Introduction

SNP enrichment methods aim to elucidate the functional annotations that trait-associated SNPs overlap more frequently than expected by chance. The most informative annotations likely relate to the cell-type specific biological mechanism of the trait, and consequently SNP enrichment is generally considered in a trait specific manner. For example, annotations representing enhancer marks in pancreatic tissue may be relevant for dissecting T2D associated loci, but less so for immune-mediated (type 1) diabetes, where enhancer marks in lymphoid tissues may be more relevant.

Trait-associated variants and genomic annotations are not randomly distributed throughout the genome, and their heterogeneous distribution implicates confounding features, such as genes which are enriched for trait-associated SNPs and genomic annotations such as DHS sites. In order to meaningfully assess the significance of the observed test statistic in SNP enrichment methods, a null distribution needs to be specified which preserves this confounding, such that the test statistics are estimated in the presence of counfounding.

One way to do this is to specify a null distribution by matching SNPs based on various confounding characteristics (``SNP matching methods’’). For binary SNP overlap with an annotation, GREGOR matches SNPs based on LD, gene proximity and MAF, and uses a permutation-based approach to calculate enrichment \(p\)-values, whilst GARFIELD matches SNPs based on LD and local gene density and uses a logistic regression framework to derive statistical significance .

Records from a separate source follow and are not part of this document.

(* Since the external boundary is
   unique up to reversal and cyclic shift (and (ii), (iii) are invariant), we require
   that it exists and that (ii), (iii) hold for every external boundary. *)
Definition crosses {S : Type} (G : CAS S) (a1 b1 a2 b2 : cell) : Prop :=
  (exists d1, channel G a1 b1 d1) /\ (exists d2, channel G a2 b2 d2) /\
  NoDup [a1; a2; b1; b2] /\ In a1 (sources G) /\ In a2 (sources G) /\
  connected (cells G) /\
  (exists vs, external_boundary (cells G) vs) /\
  (forall vs, external_boundary (cells G) vs ->
     cond_ii (cells G) vs a1 a2 b1 b2 /\ cond_iii (cells G) vs a1 a2 b1 b2).

Definition ca1 : cell := (-1, 0).
Definition ca2 : cell := (0, -1).
Definition cg : cell := (0, 0).
Definition cj : cell := (1, -1).
Definition cd : cell := (-1, 1).
Definition ch : cell := (1, 0).
Definition ce : cell := (0, 1).
Definition cf : cell := (1, 1).
Definition ci : cell := (2, 0).
Definition cc : cell := (0, 2).
Definition cb1 : cell := (2, 1).
Definition cb2 : cell := (1, 2).

Definition G_cells : list cell := [ca1; ca2; cg; cj; cd; ch; ce; cf; ci; cc; cb1; cb2].
Definition G_sources : list cell := [ca1; ca2].

(* x <- p;q : (p, q), 1-based indices into N4. *)
Definition G_rules : list (cell * (nat * nat)) :=
  [ (cb1, (1, 2)); (cb2, (1, 2)); (ce, (1, 2)); (ch, (1, 2));
    (cc, (2, 5)); (cd, (2, 5));
    (cf, (2, 1)); (cg, (2, 1));
    (ci, (5, 1)); (cj, (5, 1)) ]%nat.

Definition rule_of (c : cell) : option (nat * nat) :=
  option_map snd (find (fun r => ceqb c (fst r)) G_rules).

Definition G_trans {S : Type} (bl : S) (c : cell) (s : list S) (t : nat) : S :=
  match rule_of c with
  | Some (p, q) => if Nat.even t then nth (p - 1) s bl else nth (q - 1) s bl
  | None => bl
  end.

Definition G_CAS {S : Type} (bl : S) : CAS S :=
  mkCAS S G_cells G_sources bl N4 (G_trans bl).

From Stdlib Require Import ZArith List Arith Lia Bool.
Import ListNotations.
Open Scope Z_scope.

(* Well-formedness and the two channels are local facts: every non-source cell
   copies a neighbour inside L, chosen by the parity of the time, so unfolding
   five steps of the dynamics traces the state of b1 (resp. b2) back to the
   state of a1 (resp. a2) five steps earlier, along a route that depends on the
   parity of t but always has length five.

   The crossing property is global, because it quantifies over every external
   boundary of L.  The key observation is that consecutive vertices of any such
   boundary are joined by a unit edge separating L from its complement, and all
   these edges lie on the boundaries of the cells of L.  Hence every boundary is
   a closed simple path in the finite graph of separating edges of L.  We
   enumerate the simple paths of this graph by length, check that there are none
   with 17 vertices, and check conditions (ii) and (iii) on every closed one. *)

Lemma ceqb_spec (c d : cell) : ceqb c d = true <-> c = d.
Proof.
  destruct c as [x y], d as [x' y']; unfold ceqb; simpl.
  rewrite andb_true_iff, !Z.eqb_eq. split; [intros [-> ->] | intros [= -> ->]]; auto.
Qed.

Lemma memb_spec (c : cell) (l : list cell) : memb c l = true <-> In c l.
Proof.
  unfold memb. rewrite existsb_exists. split.
  - intros [x [Hx Hc]]. apply ceqb_spec in Hc. subst. exact Hx.
  - intros Hc. exists c. split; [exact Hc | apply ceqb_spec; reflexivity].
Qed.

Fixpoint nodupb (l : list cell) : bool :=
  match l with [] => true | x :: r => negb (memb x r) && nodupb r end.

Lemma nodupb_spec (l : list cell) : nodupb l = true <-> NoDup l.
Proof.
  induction l as [|x r IH]; simpl; [split; auto using NoDup_nil|].
  rewrite andb_true_iff, negb_true_iff, IH, NoDup_cons_iff, <- memb_spec.
  destruct (memb x r); intuition congruence.
Qed.

Definition edgeb (E : list (cell * cell)) (u v : cell) : bool :=
  existsb (fun e => ceqb u (fst e) && ceqb v (snd e)) E.

Lemma edgeb_spec E u v : edgeb E u v = true <-> In (u, v) E.
Proof.
  unfold edgeb. rewrite existsb_exists. split.
  - intros [[a b] [He Hc]]. simpl in Hc.
    apply andb_true_iff in Hc as [H1 H2]. apply ceqb_spec in H1, H2. subst. exact He.
  - intros He. exists (u, v). split; [exact He|]. simpl.
    apply andb_true_iff; split; apply ceqb_spec; reflexivity.
Qed.

Definition adjb (c d : cell) : bool := Z.abs (fst c - fst d) + Z.abs (snd c - snd d) =? 1.

Lemma adjb_spec c d : adjb c d = true <-> adjc c d.
Proof. apply Z.eqb_eq. Qed.

Fixpoint chainb (l : list cell) : bool :=
  match l with
  | a :: ((b :: _) as rest) => adjb a b && chainb rest
  | _ => true
  end.

Lemma chainb_sound l : chainb l = true -> chain l.
Proof.
  induction l as [|a [|b r] IH]; simpl; auto.
  intros [H1 H2]%andb_true_iff. split; [apply adjb_spec|apply IH]; assumption.
Qed.

(* [route x y] is a certificate of connectivity: a chain inside L leading
   from x to y, for every pair of cells of L. *)
Definition routes_ok (L : list cell) (route : cell -> cell -> list cell) : bool :=
  forallb (fun x => forallb (fun y =>
    forallb (fun z => memb z L) (route x y) && chainb (x :: route x y) &&
    ceqb (last (x :: route x y) x) y) L) L.

Lemma connected_of_routes L route : routes_ok L route = true -> connected L.
Proof.
  intros H x y Hx Hy. unfold routes_ok in H. rewrite forallb_forall in H.
  specialize (H x Hx). rewrite forallb_forall in H. specialize (H y Hy).
  apply andb_true_iff in H as [[H1 H2]%andb_true_iff H3].
  exists (route x y). split; [|split].
  - apply Forall_forall. intros z Hz. rewrite forallb_forall in H1. apply memb_spec; auto.
  - apply chainb_sound; exact H2.
  - apply ceqb_spec; exact H3.
Qed.


Section SimplePaths.
Variable E : list (cell * cell).

Fixpoint walkb (l : list cell) : bool :=
  match l with
  | a :: ((b :: _) as rest) => edgeb E a b && walkb rest
  | _ => true
  end.

(* Walks can be recognised index by index, as boundary curves are given. *)
Lemma walkb_of_nth (vs : list cell) :
  (forall i, (S i < length vs)%nat -> edgeb E (nth i vs (0, 0)) (nth (S i) vs (0, 0)) = true) ->
  walkb vs = true.
Proof.
  induction vs as [|a [|b r] IH]; intros H; try reflexivity.
  change (edgeb E a b && walkb (b :: r) = true). apply andb_true_iff; split.
  - exact (H 0%nat ltac:(simpl; lia)).
  - apply IH. intros i Hi. apply (H (S i)). simpl in *; lia.
Qed.

Definition extend (P : list (list cell)) : list (list cell) :=
  flat_map (fun p => map (fun e => fst e :: p)
     (filter (fun e => ceqb (snd e) (hd (0, 0) p) && negb (memb (fst e) p)) E)) P.

Fixpoint simple_paths (n : nat) : list (list cell) :=
  match n with
  | O | S O => []
  | S (S O) => map (fun e => [fst e; snd e]) E
  | S k => extend (simple_paths k)
  end.

Lemma simple_paths_complete (vs : list cell) :
  (2 <= length vs)%nat -> walkb vs = true -> nodupb vs = true ->
  In vs (simple_paths (length vs)).
Proof.
  induction vs as [|w [|w' [|w'' p]] IH]; intros Hl Hw Hn; simpl in Hl; try lia;
  cbn [walkb nodupb] in Hw, Hn; apply andb_true_iff in Hw as [Hw1 Hw2];
  apply andb_true_iff in Hn as [Hn1 Hn2]; apply edgeb_spec in Hw1.
  - apply in_map_iff. exists (w, w'). auto.
  - change (In (w :: w' :: w'' :: p) (extend (simple_paths (length (w' :: w'' :: p))))).
    apply in_flat_map. exists (w' :: w'' :: p). split.
    + apply IH; auto. simpl; lia.
    + apply in_map_iff. exists (w, w'). split; [reflexivity|].
      apply filter_In. split; [exact Hw1|]. simpl.
      rewrite (proj2 (ceqb_spec w' w') eq_refl). exact Hn1.
Qed.

Lemma simple_paths_vanish (k m : nat) :
  simple_paths (S (S k)) = [] -> simple_paths (S (S k) + m) = [].
Proof.
  intros H. induction m as [|m IH]; [rewrite Nat.add_0_r; exact H|].
  rewrite Nat.add_succ_r. change (extend (simple_paths (S (S k) + m)) = []).
  rewrite IH. reflexivity.
Qed.

End SimplePaths.

Definition cell_edges (c : cell) : list (cell * cell) :=
  let '(x, y) := c in
  let p00 := (x, y) in let p10 := (x + 1, y) in
  let p01 := (x, y + 1) in let p11 := (x + 1, y + 1) in
  [(p00, p10); (p10, p00); (p01, p11); (p11, p01);
   (p00, p01); (p01, p00); (p10, p11); (p11, p10)].

Lemma edge_cells_sides (u v : cell) : adjc u v ->
  In (u, v) (cell_edges (fst (edge_cells u v))) /\
  In (u, v) (cell_edges (snd (edge_cells u v))).
Proof.
  destruct u as [x y], v as [x' y']. unfold adjc, edge_cells; cbn [fst snd]. intros Ha.
  assert ((x' = x + 1 /\ y' = y) \/ (x' = x - 1 /\ y' = y) \/
          (x' = x /\ y' = y + 1) \/ (x' = x /\ y' = y - 1)) as Hc by lia.
  destruct Hc as [[-> ->]|[[-> ->]|[[-> ->]|[-> ->]]]].
  - rewrite Z.eqb_refl, Z.min_l by lia. simpl.
    replace (y - 1 + 1) with y by lia. tauto.
  - rewrite Z.eqb_refl, Z.min_r by lia. simpl.
    replace (x - 1 + 1) with x by lia. replace (y - 1 + 1) with y by lia. tauto.
  - rewrite (proj2 (Z.eqb_neq y (y + 1))), Z.min_l by lia. simpl.
    replace (x - 1 + 1) with x by lia. tauto.
  - rewrite (proj2 (Z.eqb_neq y (y - 1))), Z.min_r by lia. simpl.
    replace (x - 1 + 1) with x by lia. replace (y - 1 + 1) with y by lia. tauto.
Qed.

Definition sepb (L : list cell) (u v : cell) : bool :=
  let p := edge_cells u v in negb (Bool.eqb (memb (fst p) L) (memb (snd p) L)).

Lemma sepb_spec L u v : sepb L u v = true <-> separating L u v.
Proof.
  unfold sepb, separating.
  destruct (memb (fst (edge_cells u v)) L), (memb (snd (edge_cells u v)) L);
    simpl; intuition congruence.
Qed.

Definition boundary_edges (L : list cell) : list (cell * cell) :=
  filter (fun e => sepb L (fst e) (snd e)) (flat_map cell_edges L).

However by pre-specifying confounding characteristics, hidden confounders which may bias the enrichment statistics can be missed . Moreover, whilst matching based on LD is crucial in SNP matching methods (since the more SNPs a particular SNP tags, the more likely it is that one of them will overlap the annotation, even by chance) , it is not always clear which other matching parameters should be used in a given analysis. Trynka et al. (2015) found that controlling for LD alone was sufficient to mitigate type 1 error in some instances, but many other matching parameters were required in other instances. Similarly, Iotchkova et al. (2019) found that controlling for LD meant that controlling for MAF was no longer required, which is likely due to rarer SNPs being more likely to have lower LD.

To account for the discrepancies arising from choosing matching parameters, the GoShifter (genomic annotation shifter) method defines a null distribution by circularising and ``shifting’’ the annotation, thereby preserving the local genomic architecture and preserving these to calculate the enrichment statistics. The GoShifter (genomic annotation shifter) method was primarily developed to ascertain the functional annotations which differentiate causal from trait-associated variants.

The GoShifter method requires (i) a list of index SNPs from the GWAS of interest and (ii) annotation data, such as the genomic positions where a chromatin or histone annotation is present, which can be converted to a binary vector of presence or absence of the annotation genome-wide. The method starts by defining each locus as the genomic region encompassing all variants in LD with each index SNP (for example \(r^2>0.8\) using a representative reference panel). These loci are then extended by twice the median size of the tested annotation to ensure that the loci also contained SNPs not linked to the GWAS index SNP. The proportion of loci containing a SNP which overlapped the annotation is calculated. Next, to calculate a null distribution which preserves the local structure of genetic variation, the annotation vector for each locus is circularised to preserve its spatial structure, and randomly shifted. After each random shift (typically a large number of iterations) the proportion of loci overlapping an annotation is calculated. A \(p\)-value is then calculated as the proportion of iterations where the number of overlapping loci was greater than or equal to that for the “true” SNP-annotation configuration.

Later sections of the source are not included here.